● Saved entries
(* Let $Z$ be a finite set of algebraic integers, with notation as in the context, and set \[C_Z=\prod_{\sigma:K_Z\to\mathbf{C}}\max_{x\in Z}|\sigma(x)|,\] the product over all field embeddings of $K_Z$ into $\mathbf{C}$. For every $\alpha\in C(Z;\mathbf{Z})$ such that the character $\eta_\alpha$ is non-trivial on $H_Z$, and every $p\in\mathcal{S}_Z$ with $|p|>C_Z\|\alpha\|_1^{[K_Z:\mathbf{Q}]}$, we have $\widehat{\lambda}_Z(\alpha)=\widehat{\mu}_p(\alpha)=0$.
   Context: $e(z)=e^{2i\pi z}$. $Z\subset\mathbf{C}$ finite set of algebraic integers, $K_Z=\mathbf{Q}(Z)$, $\mathbf{O}_Z$ its ring of integers. $\mathcal{S}_Z$: prime ideals $p\subset\mathbf{O}_Z$ of residual degree $1$ such that no two distinct elements of $Z$ have difference in $p$; for such $p$, $|p|=q$ is prime and $\mathbf{O}_Z/p$ is identified with $\mathbf{F}_q$, whose elements are identified with integers in $\{0,\dots,q-1\}$; $\varpi_p$ is reduction mod $p$. $C(Z;X)$ denotes maps $Z\to X$; for $\alpha\in C(Z;\mathbf{Z})$, $\|\alpha\|_1=\sum_{x\in Z}|\alpha(x)|$ and $\eta_\alpha:C(Z;\mathbf{S}^1)\to\mathbf{S}^1$, $\eta_\alpha(f)=\prod_{x\in Z}f(x)^{\alpha(x)}$. $R_Z=\{\alpha\in C(Z;\mathbf{Z})\mid\sum_x\alpha(x)x=0\}$, $H_Z=\{f\in C(Z;\mathbf{S}^1)\mid\eta_\alpha(f)=1\ \forall\alpha\in R_Z\}$, $\lambda_Z$ the Haar probability measure on $H_Z$ viewed as a measure on $C(Z;\mathbf{S}^1)$. For $p\in\mathcal{S}_Z$, $U_p(a)\in C(Z;\mathbf{S}^1)$ is $x\mapsto e(a\varpi_p(x)/|p|)$ for $a\in\mathbf{O}_Z/p$, and $\mu_p=\frac1{|p|}\sum_{a\in\mathbf{O}_Z/p}\delta_{U_p(a)}$. For a measure $\nu$ on $C(Z;\mathbf{S}^1)$, $\widehat\nu(\alpha)=\int\eta_\alpha\,d\nu$. *)

From HB Require Import structures.
From mathcomp Require Import all_boot all_order all_algebra.
From mathcomp Require Import algC algnum.
From mathcomp Require Import complex.
From mathcomp Require Import all_classical all_reals all_analysis.

Set Implicit Arguments.
Unset Strict Implicit.
Unset Printing Implicit Defensive.

Import Order.TTheory GRing.Theory Num.Theory.
Local Open Scope classical_set_scope.
Local Open Scope ring_scope.

(* Number-theoretic side.  The finite set Z of algebraic integers is   *)
(* given by an injective enumeration z : 'I_n -> algC (algC = the      *)
(* algebraic numbers inside C).                                        *)

Definition is_subfield (S : algC -> Prop) : Prop :=
  [/\ S 0, S 1, (forall x y, S x -> S y -> S (x - y)),
      (forall x y, S x -> S y -> S (x * y)) & (forall x, S x -> S x^-1)].

Definition KZ n (z : 'I_n -> algC) (x : algC) : Prop :=
  forall S, is_subfield S -> (forall i, S (z i)) -> S x.

Definition OZ n (z : 'I_n -> algC) (x : algC) : Prop := KZ z x /\ x \in Aint.

Definition field_degree n (z : 'I_n -> algC) (d : nat) : Prop :=
  exists b : 'I_d -> algC,
    [/\ forall i, KZ z (b i),
        forall x, KZ z x -> exists c : 'I_d -> rat, x = \sum_i ratr (c i) * b i
      & forall c : 'I_d -> rat, \sum_i ratr (c i) * b i = 0 -> forall i, c i = 0].

(* s is a field embedding K_Z -> C (only its values on K_Z matter) *)
Definition is_embedding n (z : 'I_n -> algC) (s : algC -> algC) : Prop :=
  s 1 = 1 /\
  forall x y, KZ z x -> KZ z y -> s (x + y) = s x + s y /\ s (x * y) = s x * s y.

Definition enumerates_embeddings n (z : 'I_n -> algC) m
    (emb : 'I_m -> algC -> algC) : Prop :=
  [/\ forall j, is_embedding z (emb j),
      forall j k, (forall x, KZ z x -> emb j x = emb k x) -> j = k
    & forall s, is_embedding z s ->
        exists j, forall x, KZ z x -> s x = emb j x].

Definition CZ n (z : 'I_n -> algC) m (emb : 'I_m -> algC -> algC) : algC :=
  \prod_(j < m) \big[Num.max/0]_(i < n) `|emb j (z i)|.

Definition is_prime_ideal n (z : 'I_n -> algC) (p : algC -> Prop) : Prop :=
  (forall x, p x -> OZ z x) /\
  [/\ p 0,
      forall x y, p x -> p y -> p (x + y),
      forall a x, OZ z a -> p x -> p (a * x),
      ~ p 1
    & forall a b, OZ z a -> OZ z b -> p (a * b) -> p a \/ p b].

(* p has residual degree 1 and |p| = q: q is prime, q lies in p and every
   element of O_Z is congruent mod p to a rational integer, i.e.
   O_Z/p = F_q. *)
Definition residual_degree_one n (z : 'I_n -> algC) (p : algC -> Prop)
    (q : nat) : Prop :=
  [/\ prime q, p q%:R & forall x, OZ z x -> exists k : nat, p (x - k%:R)].
(* A history sequence (S_0, e_0, S_1, ..., S_n) of length n
   (infinite histories are covered by all their finite prefixes). *)
Definition history (n : nat) (H_ : nat -> State) : Prop :=
  initial (H_ 0) /\ forall i, i < n -> exists P, step P (H_ i) (H_ (i + 1)).

Inductive chain (s : Shared) : list Addr -> Prop :=
  | chain_one a : chain s [a]
  | chain_cons a b l : a <> T -> nxt s a = Some b -> chain s (b :: l) ->
      chain s (a :: b :: l).

Definition path (s : Shared) (a b : Addr) : Prop :=
  exists mid, NoDup (a :: mid ++ [b]) /\ chain s (a :: mid ++ [b]).

Definition on_main (s : Shared) (a : Addr) : Prop :=
  exists mid, NoDup (H :: mid ++ [T]) /\ chain s (H :: mid ++ [T]) /\
              In a (H :: mid ++ [T]).

Definition NS1 (S : State) : Prop :=
  let s := sh S in
  act s H = true /\ act s T = true /\ vl s H = VNeg /\ vl s T = VInf /\
  (forall a, act s a = true -> a <> H -> a <> T -> exists n, vl s a = VNat n) /\
  (forall a, act s a = true -> a <> T ->
     exists b, nxt s a = Some b /\ act s b = true /\ vlt (vl s a) (vl s b)) /\
  (forall P, act s (lpred (loc S P)) = true /\ act s (lcurr (loc S P)) = true) /\
  (exists fin : list Addr, forall a, act s a = true -> In a fin) /\
  (forall a b, act s a = true -> act s b = true -> ~ (path s a b /\ path s b a)) /\
  (forall a, act s a = true -> a <> T -> path s a T).

Definition NS2 (S : State) : Prop :=
  forall a, act (sh S) a = true <-> (on_main (sh S) a \/ mrk (sh S) a = true).

Definition NS3 (S : State) : Prop :=
  forall P, let s := sh S in let l := loc S P in
  let vp := vl s (lpred l) in let vc := vl s (lcurr l) in let x := VNat (lx l) in
  (is_locL2_L31 (lpc l) -> vlt vc x) /\
  (is_locL32 (lpc l) -> lpred l = lcurr l /\ vlt vp x) /\
  (is_locL4 (lpc l) -> vlt vp vc /\ vlt vp x) /\
  (is_locL5 (lpc l) -> vlt vp x /\ vle x vc).

Definition NS4 (S : State) : Prop :=
  forall P, let s := sh S in let l := loc S P in
  let vp := vl s (lpred l) in let vc := vl s (lcurr l) in let x := VNat (lx l) in
  (In (lpc l) [A12; A13; A14] -> vlt vp x /\ vle x vc) /\
  (lpc l = A15 -> vlt vp x /\ vlt x vc) /\
  (In (lpc l) [A13; A14; A15; A16] -> lck s (lpred l) = Some P) /\
  (In (lpc l) [A14; A15] ->
     mrk s (lpred l) = false /\ nxt s (lpred l) = Some (lcurr l)).

Definition NS5 (S : State) : Prop :=
  forall P, let s := sh S in let l := loc S P in
  let vp := vl s (lpred l) in let vc := vl s (lcurr l) in let x := VNat (lx l) in
  (In (lpc l) [R22; R23; R24] -> vlt vp x /\ vle x vc) /\
  (In (lpc l) [R25; R26; R27; R28] -> vlt vp x /\ x = vc) /\
  (In (lpc l) [R23; R24; R25; R26; R27; R28] -> lck s (lpred l) = Some P) /\
  (In (lpc l) [R26; R27; R28] -> lck s (lcurr l) = Some P) /\
  (In (lpc l) [R24; R25; R26; R27; R28] -> mrk s (lpred l) = false) /\
  (In (lpc l) [R24; R25; R26; R27] -> nxt s (lpred l) = Some (lcurr l)) /\
  (lpc l = R27 -> mrk s (lcurr l) = true).
(* For all integers $n\geqslant 1$ and $d\geqslant 2$, \[ f(n,d)\leqslant n+\log_2 n\cdot f(n,d-1). \]
   Context: A box in $\mathbb R^d$ is a set of the form $[a_1,b_1]\times\cdots\times[a_d,b_d]$ (edges parallel to the coordinate axes). For a family $\mathscr B$ of boxes, $\nu(\mathscr B)$ is the maximal number of pairwise disjoint members of $\mathscr B$, and $\tau(\mathscr B)$ is the minimal number of points in a set meeting every member of $\mathscr B$. For integers $n\geqslant 1$, $d\geqslant 1$, $f(n,d)$ denotes the supremum of $\tau(\mathscr B)$ over all families $\mathscr B$ of boxes in $\mathbb R^d$ with $\nu(\mathscr B)=n$; by convention $f(0,d)=0$. The statement presupposes that these quantities are finite. *)

From Stdlib Require Import Reals.
From mathcomp Require Import ssreflect ssrfun ssrbool eqtype ssrnat fintype.

Open Scope R_scope.

Definition point (d : nat) := 'I_d -> R.

Record box (d : nat) := Box { lo : point d; hi : point d }.
Arguments lo {d}. Arguments hi {d}.

Definition box_wf {d} (B : box d) : Prop := forall i, lo B i <= hi B i.

Definition in_box {d} (x : point d) (B : box d) : Prop :=
  forall i, lo B i <= x i <= hi B i.

Definition boxes_disjoint {d} (B C : box d) : Prop :=
  ~ (exists x : point d, in_box x B /\ in_box x C).

Definition box_family (d : nat) := box d -> Prop.

Definition family_wf {d} (F : box_family d) : Prop := forall B, F B -> box_wf B.

Definition has_packing {d} (F : box_family d) (k : nat) : Prop :=
  exists g : 'I_k -> box d,
    (forall i, F (g i)) /\ (forall i j, i <> j -> boxes_disjoint (g i) (g j)).

Definition nu_eq {d} (F : box_family d) (n : nat) : Prop :=
  has_packing F n /\ ~ has_packing F n.+1.

Definition pierced_by {d} (F : box_family d) (k : nat) : Prop :=
  exists p : 'I_k -> point d, forall B, F B -> exists i, in_box (p i) B.

Definition log2 (x : R) : R := ln x / ln 2.

From Stdlib Require Import Reals Lra Lia ZArith Classical ClassicalEpsilon.
From mathcomp Require Import ssreflect ssrfun ssrbool eqtype ssrnat fintype finset prime.
From mathcomp Require Import zify.

Open Scope R_scope.

(* Let 2^L <= n < 2^(L+1).  Cut the family by a hyperplane orthogonal to the
   last axis such that neither open side contains 2^L pairwise disjoint boxes,
   and recurse into both sides: after j rounds there are 2^j pairwise
   separated regions.  The boxes met by the 2^j hyperplanes of one round,
   intersected with their hyperplane and placed side by side in R^(d-1), form
   a family with nu <= n, hence (padded with far-away points to nu = n) they
   are pierced by f(n,d-1) points.  After L rounds each of the 2^L regions
   contains no two disjoint boxes and is pierced by a single point (Helly in
   dimension one, coordinatewise).  In total 2^L + L f(n,d-1) points. *)

Definition asbool (P : Prop) : bool :=
  if excluded_middle_informative P then true else false.

Lemma asboolP (P : Prop) : reflect P (asbool P).
Proof. by rewrite /asbool; case: excluded_middle_informative => H; constructor. Qed.

Lemma exists_max_ord k (f : 'I_k -> R) (x0 : R) :
  exists u, (x0 <= u /\ forall i, f i <= u) /\
            (forall t, x0 < t -> (forall i, f i < t) -> u < t).
Proof.
elim: k f => [|k IH] f.
  exists x0; split; last by move=> t Ht _.
  by split=> [|[]]; [lra |].
have [u [[Hx0 Hu] Hlub]] := IH (fun j => f (lift ord_max j)).
exists (Rmax u (f ord_max)); split; first split.
- exact: Rle_trans Hx0 (Rmax_l _ _).
- move=> i; case: (unliftP ord_max i) => [j ->|->]; last exact: Rmax_r.
  exact: Rle_trans (Hu _) (Rmax_l _ _).
- move=> t Ht Hft; apply: Rmax_lub_lt; last exact: Hft.
  by apply: Hlub => // i; apply: Hft.
Qed.

Lemma exists_min_ord k (f : 'I_k -> R) (x0 : R) :
  exists u, (u <= x0 /\ forall i, u <= f i) /\
            (forall t, t < x0 -> (forall i, t < f i) -> t < u).
Proof.
have [u [[Hx0 Hu] Hlub]] := exists_max_ord _ (fun i => - f i) (- x0).
exists (- u); split; first split.
- lra.
- by move=> i; have := Hu i; lra.
- move=> t Ht Hft; suff : u < - t by lra.
  by apply: Hlub => [|i]; [lra | have := Hft i; lra].
Qed.

Definition image_family {d : nat} {T : Type} (P : T -> Prop) (f : T -> box d) :
  box_family d := fun B => exists2 a, P a & B = f a.

Section Packings.

Context {d : nat}.
Implicit Types (B C : box d) (F G K E : box_family d).

Lemma boxes_disjoint_sym {B C} : boxes_disjoint B C -> boxes_disjoint C B.
Proof. by move=> HBC [x [HC HB]]; apply: HBC; exists x. Qed.
(* Let $k\ge1$ and let $(A,t)$ be a nontrivial $\mathcal{C}_k$-algebra. The following are equivalent: (i) $(A,t)$ is a simple algebra; (ii) for every $a\in A$ with $a\neq1$, $\bigwedge_{j=1}^{k}t^j(\triangle a)=0$; (iii) $K(A)=\{0,1\}$, where $K(A)=\{x\in A: t(x)=x=\nabla x\}$.
   Context: A modal pseudocomplemented De Morgan algebra ($mpM$-algebra) is an algebra $\langle A,\wedge,\vee,\sim,{}^\ast,0,1\rangle$ such that $\langle A,\wedge,\vee,\sim,0,1\rangle$ is a De Morgan algebra (bounded distributive lattice with $\sim\sim x=x$, $\sim(x\vee y)=\sim x\wedge\sim y$), $x^\ast$ is the pseudocomplement of $x$, and $x\vee\sim x\le x\vee x^\ast$. Put $\nabla x=\sim(\sim x\wedge x^\ast)$, $\triangle x=\sim\nabla\sim x$. A $\mathcal{C}_k$-algebra ($k\ge1$) is a pair $(A,t)$ with $A$ an $mpM$-algebra and $t$ an $mpM$-automorphism of $A$ with $t^k=\mathrm{id}$; simplicity refers to the signature $(\wedge,\vee,\sim,{}^\ast,t,0,1)$. *)

From Stdlib Require Import Arith.

Set Implicit Arguments.

Record mpM_sig := MpMSig {
  car :> Type;
  meet : car -> car -> car;
  join : car -> car -> car;
  neg  : car -> car;
  star : car -> car;
  zero : car;
  one  : car
}.

Section Defs.
Variable A : mpM_sig.

Definition le (x y : A) : Prop := meet A x y = x.

Definition is_bdl : Prop :=
  (forall x y z, meet A x (meet A y z) = meet A (meet A x y) z) /\
  (forall x y z, join A x (join A y z) = join A (join A x y) z) /\
  (forall x y, meet A x y = meet A y x) /\
  (forall x y, join A x y = join A y x) /\
  (forall x y, meet A x (join A x y) = x) /\
  (forall x y, join A x (meet A x y) = x) /\
  (forall x y z, meet A x (join A y z) = join A (meet A x y) (meet A x z)) /\
  (forall x, join A x (zero A) = x) /\
  (forall x, meet A x (one A) = x).

Definition is_DeMorgan : Prop :=
  is_bdl /\
  (forall x, neg A (neg A x) = x) /\
  (forall x y, neg A (join A x y) = meet A (neg A x) (neg A y)).

Definition is_pseudocomplement : Prop :=
  forall x y, meet A x y = zero A <-> le y (star A x).

Definition is_mpM : Prop :=
  is_DeMorgan /\ is_pseudocomplement /\
  (forall x, le (join A x (neg A x)) (join A x (star A x))).

Definition nabla (x : A) : A := neg A (meet A (neg A x) (star A x)).
Definition triangle (x : A) : A := neg A (nabla (neg A x)).

Definition is_mpM_automorphism (t : A -> A) : Prop :=
  (forall x y, t x = t y -> x = y) /\ (forall y, exists x, t x = y) /\
  (forall x y, t (meet A x y) = meet A (t x) (t y)) /\
  (forall x y, t (join A x y) = join A (t x) (t y)) /\
  (forall x, t (neg A x) = neg A (t x)) /\
  (forall x, t (star A x) = star A (t x)) /\
  t (zero A) = zero A /\ t (one A) = one A.
Lemma Lnorm11_wfdelta_le p : (0 < p)%E -> (Lnorm11 p G <= (Lnorm_cst p W 1)%:E)%E.
Proof.
move=> p0; rewrite -[1]subr0; apply: LnormOn_le_itv => //.
- by rewrite ltW // wab_bound_gt0.
- move=> x _; have [/= ->|[i iN Jx]] := fdelta_cases x.
    by rewrite mulr0 normr0 mulr_ge0 // ltW // wab_bound_gt0.
  have /andP[_ G_le] := norm_wfdelta_Jint iN Jx.
  rewrite indicE mem_set ?mulr1 //= in_itv /=.
  by have /andP[? ?] := Jint_bounds iN Jx; apply/andP; split; lra.
Qed.

Lemma Omega_fdelta_ge q : (0 < q)%E ->
  ((Lnorm_cst q W^-1 (128 * K ^+ 2)^-1)%:E <=
    Omega k (fdelta k delta) delta (wab al be) q)%E.
Proof.
move=> q0; have h0 := step_gt0; have kd := kdelta_gt0.
have K0 : 0 < K by rewrite ltr0n.
apply: le_trans (@LnormOn_le_Omega _ _ _ _ _ h _ _); last first.
  by have := step_le_k_mul_step; rewrite k_mul_step h0 /= => ?; lra.
apply: (@LnormOn_ge_itv _ _ _ _ _ _ N.+1 (fun i => win i) (fun i => win i + h / 8)).
- exact: q0.
- by rewrite invr_gt0 wab_bound_gt0.
- by rewrite invr_gt0 mulr_gt0 ?exprn_gt0.
- by move=> i _; lra.
- move=> i j x iN jN /(window_near_node iN) xi /(window_near_node jN) xj.
  by apply: (grid_index_unique _ _ xi xj); have := k_mul_step_le; lra.
- have /andP[_ N_gt] := kdelta_truncn.
  rewrite (eq_bigr (fun _ => h / 8)); last by move=> i _; rewrite addrC addKr.
  move: N_gt; rewrite sumr_const card_ord; set n := Num.truncn _.
  rewrite -[_ *+ n.+1]mulr_natr -(natr1 n) => N_gt.
  have -> : h / 8 * (n%:R + 1) = K * delta * (n%:R + 1) / (64 * K ^+ 2).
    by field; rewrite gt_eqF.
  rewrite ler_pdivlMr ?mulr_gt0 ?exprn_gt0 //.
  have -> : (128 * K ^+ 2)^-1 * (64 * K ^+ 2) = 1/2.
    by field; rewrite gt_eqF.
  exact: ltW.
- move=> i x iN xw; rewrite ltnS in iN.
  have [dom /andP[x1 x2]] := window_in_domain iN xw.
  split; first by rewrite /= in_itv.
  rewrite /= (Delta_fdelta_window iN xw) normrM normrX normrN1 expr1n mulr1.
  have /andP[w1 _] : W^-1 <= wab al be x <= W by apply: wab_bounds; lra.
  by rewrite ger0_norm // (le_trans _ w1) // invr_ge0 ltW // wab_bound_gt0.
Qed.
End fdelta_estimates.

Theorem lemma6p1 (R : realType) (k : nat) (alpha beta : R) (p q : \bar R) :
  (0 < k)%N -> (0 < p)%E -> (0 < q)%E ->
  exists c1 c2 c : R, [/\ 0 < c1, 0 < c2, 0 < c &
    forall delta : R, 0 < delta -> delta <= (2 * k%:R)^-1 ->
      [/\ (c1%:E <= Lnorm11 p (fun x => (wab alpha beta x * fdelta k delta x)%R))%E,
          (Lnorm11 p (fun x => (wab alpha beta x * fdelta k delta x)%R) <= c2%:E)%E &
          (c%:E <= Omega k (fdelta k delta) delta (wab alpha beta) q)%E]].
Proof.
move=> k_gt0 p_gt0 q_gt0; set W := wab_bound alpha beta.
have W_gt0 : 0 < W by exact: wab_bound_gt0.
exists (Lnorm_cst p W^-1 (1/4)), (Lnorm_cst p W 1), (Lnorm_cst q W^-1 (128 * k%:R ^+ 2)^-1).
split; try apply: Lnorm_cst_gt0; rewrite ?invr_gt0 ?mulr_gt0 ?exprn_gt0 ?ltr0n //.
move=> delta delta_gt0 delta_le; split.
- exact: Lnorm11_wfdelta_ge.
- exact: Lnorm11_wfdelta_le.
- exact: Omega_fdelta_ge.
Qed.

● PROBLEM DETAILS
Each line above from the one with "meet : car -> car -> car;" up to and including the one with "t (zero A) = zero A /\ t (one A) = one A." must be set down exactly, and no line outside that span may appear.

● WRITTEN RESPONSE
  meet : car -> car -> car;
  join : car -> car -> car;
  neg  : car -> car;
  star : car -> car;
  zero : car;
  one  : car
}.

Section Defs.
Variable A : mpM_sig.

Definition le (x y : A) : Prop := meet A x y = x.

Definition is_bdl : Prop :=
  (forall x y z, meet A x (meet A y z) = meet A (meet A x y) z) /\
  (forall x y z, join A x (join A y z) = join A (join A x y) z) /\
  (forall x y, meet A x y = meet A y x) /\
  (forall x y, join A x y = join A y x) /\
  (forall x y, meet A x (join A x y) = x) /\
  (forall x y, join A x (meet A x y) = x) /\
  (forall x y z, meet A x (join A y z) = join A (meet A x y) (meet A x z)) /\
  (forall x, join A x (zero A) = x) /\
  (forall x, meet A x (one A) = x).

Definition is_DeMorgan : Prop :=
  is_bdl /\
  (forall x, neg A (neg A x) = x) /\
  (forall x y, neg A (join A x y) = meet A (neg A x) (neg A y)).

Definition is_pseudocomplement : Prop :=
  forall x y, meet A x y = zero A <-> le y (star A x).

Definition is_mpM : Prop :=
  is_DeMorgan /\ is_pseudocomplement /\
  (forall x, le (join A x (neg A x)) (join A x (star A x))).

Definition nabla (x : A) : A := neg A (meet A (neg A x) (star A x)).
Definition triangle (x : A) : A := neg A (nabla (neg A x)).

Definition is_mpM_automorphism (t : A -> A) : Prop :=
  (forall x y, t x = t y -> x = y) /\ (forall y, exists x, t x = y) /\
  (forall x y, t (meet A x y) = meet A (t x) (t y)) /\
  (forall x y, t (join A x y) = join A (t x) (t y)) /\
  (forall x, t (neg A x) = neg A (t x)) /\
  (forall x, t (star A x) = star A (t x)) /\
  t (zero A) = zero A /\ t (one A) = one A.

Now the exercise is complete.